Finished downloading opgrsp_gpkg_gb.zip to /dbfs/tmp/stuart.lynn@databricks.com/OpenGreenspace/data/opgrsp_gpkg_gb.zip





['/dbfs/tmp/stuart.lynn@databricks.com/OpenGreenspace/data/opgrsp_gpkg_gb.zip']

In [0]:
%sh
mkdir -p $DATADIR/geopackage
unzip -n $DATADIR/opgrsp_gpkg_gb.zip -d $DATADIR/geopackage/

Archive:  /dbfs/tmp/stuart.lynn@databricks.com/OpenGreenspace/data/opgrsp_gpkg_gb.zip


In [0]:
%sh ls -lah $DATADIR/geopackage/Data/

total 122M
drwxrwxrwx 2 nobody nogroup 4.0K May 28 17:55 .
drwxrwxrwx 2 nobody nogroup 4.0K May 28 17:55 ..
-rwxrwxrwx 1 nobody nogroup 122M May 28 17:55 opgrsp_gb.gpkg


## 1b. Read AoI data into Spark, reproject and store in Delta Lake

We will use Mosaic to read in this vector dataset, reproject it into a WGS84 coordinate reference system and write the feature geometries and their associated properties into a table in Unity Catalog.

- Enabling Mosaic is a straightforward call to `mosaic.enable_mosaic()`.
- If we want to use Mosaic's GDAL extensions (multiple vector and raster format readers, raster transformation functions etc.) then we also need to call `mosaic.enable_gdal()`.
- GDAL needs to be installed and available on the cluster and Mosaic can also help us with this task (see instructions [here](https://databrickslabs.github.io/mosaic/usage/install-gdal.html))
- The raster functions in Mosaic have two modes of operation.
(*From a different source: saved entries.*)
(* Seen from outside, the axes x, y, z run clockwise around a corner exactly
   when the product of its coordinates is negative, i.e. when it has an even
   number of positive coordinates: [sticker_ori] numbers the three stickers of
   every corner 0, 1, 2 clockwise, starting from the one on an x face. *)
Definition sticker_ori (s : sticker) : nat :=
  if ~~ (s.1.1.1 (+) s.1.1.2 (+) s.1.2) then val s.2 else (3 - val s.2) %% 3.

Lemma sticker_ori_lt3 s : sticker_ori s < 3.
Proof. by rewrite /sticker_ori; case: ifP => _; [apply: ltn_ord | rewrite ltn_pmod]. Qed.

Lemma sticker_ori_ax0 c : sticker_ori (c, ax0) = 0.
Proof. by rewrite /sticker_ori; case: ifP. Qed.

Lemma sticker_eq (s t : sticker) : s.1 = t.1 -> sticker_ori s = sticker_ori t -> s = t.
Proof.
case: s t => c a [_ b] /= <-; rewrite /sticker_ori.
by case: ifP => _; case: a b => -[|[|[|//]]] ? [[|[|[|//]]] ?] //= _;
  congr (_, _); apply: val_inj.
Qed.

Definition corner_of (i : 'I_8) : bool * bool * bool := nth (false, false, false) corners i.
Definition corner_index (c : bool * bool * bool) : 'I_8 := inord (index c corners).

Lemma corner_indexK : cancel corner_index corner_of.
Proof. by case=> -[[] []] []; rewrite /corner_index /corner_of inordK. Qed.

Lemma corner_ofK : cancel corner_of corner_index.
Proof.
by move=> i; apply/val_inj; case: i => -[|[|[|[|[|[|[|[|//]]]]]]]] ?; rewrite /= inordK.
Qed.

Definition rigid_at (f : sticker -> sticker) (s : sticker) : bool :=
  ((f s).1 == (f (s.1, ax0)).1) &&
  (sticker_ori (f s) == (sticker_ori (f (s.1, ax0)) + sticker_ori s) %% 3).

Definition rigid_perms : {set {perm sticker}} :=
  [set g : {perm sticker} | [forall s, rigid_at g s]].

Lemma rigid_perms_group_set : group_set rigid_perms.
Proof.
apply/group_setP; split.
  rewrite inE; apply/forallP => s; rewrite /rigid_at !perm1 /= eqxx sticker_ori_ax0.
  by rewrite add0n modn_small ?sticker_ori_lt3 ?eqxx.
move=> g h; rewrite !inE => /forallP rigid_g /forallP rigid_h; apply/forallP => s.
rewrite /rigid_at !permM.
case/andP: (rigid_g s) => /eqP g1 /eqP g2.
case/andP: (rigid_h (g s)) => /eqP h1 /eqP h2.
case/andP: (rigid_h (g (s.1, ax0))) => /eqP h1' /eqP h2'.
by rewrite h1 h1' g1 eqxx h2 h2' g1 g2 modnDmr modnDml addnA eqxx.
Qed.

Canonical rigid_group := Group rigid_perms_group_set.

Lemma face_move_rigid i : i < 6 -> face_move i \in rigid_group.
Proof.
move=> lt_i6; rewrite inE; apply/forallP => s; rewrite /rigid_at /face_move /move !permE.
have : all (fun i => all (rigid_at (move_fun (face i).1 (face i).2)) stickers) (iota 0 6).
  by vm_compute.
by move/allP/(_ i); rewrite mem_iota => /(_ lt_i6) /allP /(_ s (mem_stickers s)).
Qed.

Lemma G2_rigid : G2 \subset rigid_group.
Proof.
rewrite gen_subG; apply/subsetP => g; rewrite !in_setU !in_set1 -!orbA.
case/or4P => [| | | /orP [| /orP []]] /eqP ->.
- exact: (@face_move_rigid 0).
- exact: (@face_move_rigid 1).
- exact: (@face_move_rigid 2).
- exact: (@face_move_rigid 3).
- exact: (@face_move_rigid 4).
- exact: (@face_move_rigid 5).
Qed.
(* Let $k\in\{1,2,\dots\}\cup\{\infty\}$. (1) For every $C^k$-atlas $\mathcal{U}$ on $\mathbb{R}$ there exists a chain-like $C^k$-atlas $\mathcal{V}$ on $\mathbb{R}$ which is $C^k$-compatible with $\mathcal{U}$. (2) If $\mathcal{V}$ is a chain-like $C^k$-atlas on $\mathbb{R}$, then there exists a homeomorphism $\omega\colon\mathbb{R}\to\mathbb{R}$ such that the chart $(\mathbb{R},\omega)$ is $C^k$-compatible with $\mathcal{V}$.
   Context: Here $\mathbb{R}$ is regarded as a topological space. A chart on $\mathbb{R}$ is a homeomorphism $\varphi\colon U\to\varphi(U)$ of an open $U\subset\mathbb{R}$ onto an open subset of $\mathbb{R}$; charts $(U,\varphi),(V,\psi)$ are $C^k$-compatible if $U\cap V=\varnothing$ or $\psi\circ\varphi^{-1}\colon\varphi(U\cap V)\to\psi(U\cap V)$ is a $C^k$-diffeomorphism; a $C^k$-atlas is a family of pairwise compatible charts whose domains cover $\mathbb{R}$; a chart or atlas is $C^k$-compatible with an atlas if their union is a (partial) family of pairwise $C^k$-compatible charts. Two charts $(U,\varphi),(V,\psi)$ are $C^k$-joinable if they are $C^k$-compatible and there are reals $a<b<c<d$ with $\varphi(U)=(a,c)$, $\varphi(U\cap V)=\psi(U\cap V)=(b,c)$, $\psi(V)=(b,d)$. A countable $C^k$-atlas $\{(V_i,\psi_i)\}_{i\in\mathbb{Z}}$ on $\mathbb{R}$ is chain-like if for every $i\in\mathbb{Z}$: (G1) $(V_i,\psi_i)$ and $(V_{i+1},\psi_{i+1})$ are $C^k$-joinable, and (G2) $V_j\cap V_i\cap V_{i+1}=\varnothing$ for all $j\neq i,i+1$. *)

From Stdlib Require Import Reals ZArith.
From Coquelicot Require Import Coquelicot.
Open Scope R_scope.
We'll opt for the more stable 'checkpointing enabled' mode, which persists intermediate raster results to a location in DBFS during execution of Spark jobs.

In [0]:
spark.conf.set("spark.sql.adaptive.coalescePartitions.enabled", "false")
mos.enable_mosaic(spark, dbutils)
mos.enable_gdal(spark, with_checkpoint_path=f"/dbfs{output_path}/checkpoint/{datetime.now().isoformat()}")

GDAL enabled.

checkpoint path '/dbfs/tmp/stuart.lynn@databricks.com/OpenGreenspace/outputs/checkpoint/2024-09-11T15:35:23.953585' configured for this session.
GDAL 3.4.1, released 2021/12/27




Mosaic has specialised readers for geopackages, file geodatabases, shapefiles and other GDAL supported vector data formats (see [docs](https://databrickslabs.github.io/mosaic/api/vector-format-readers.html) for more info).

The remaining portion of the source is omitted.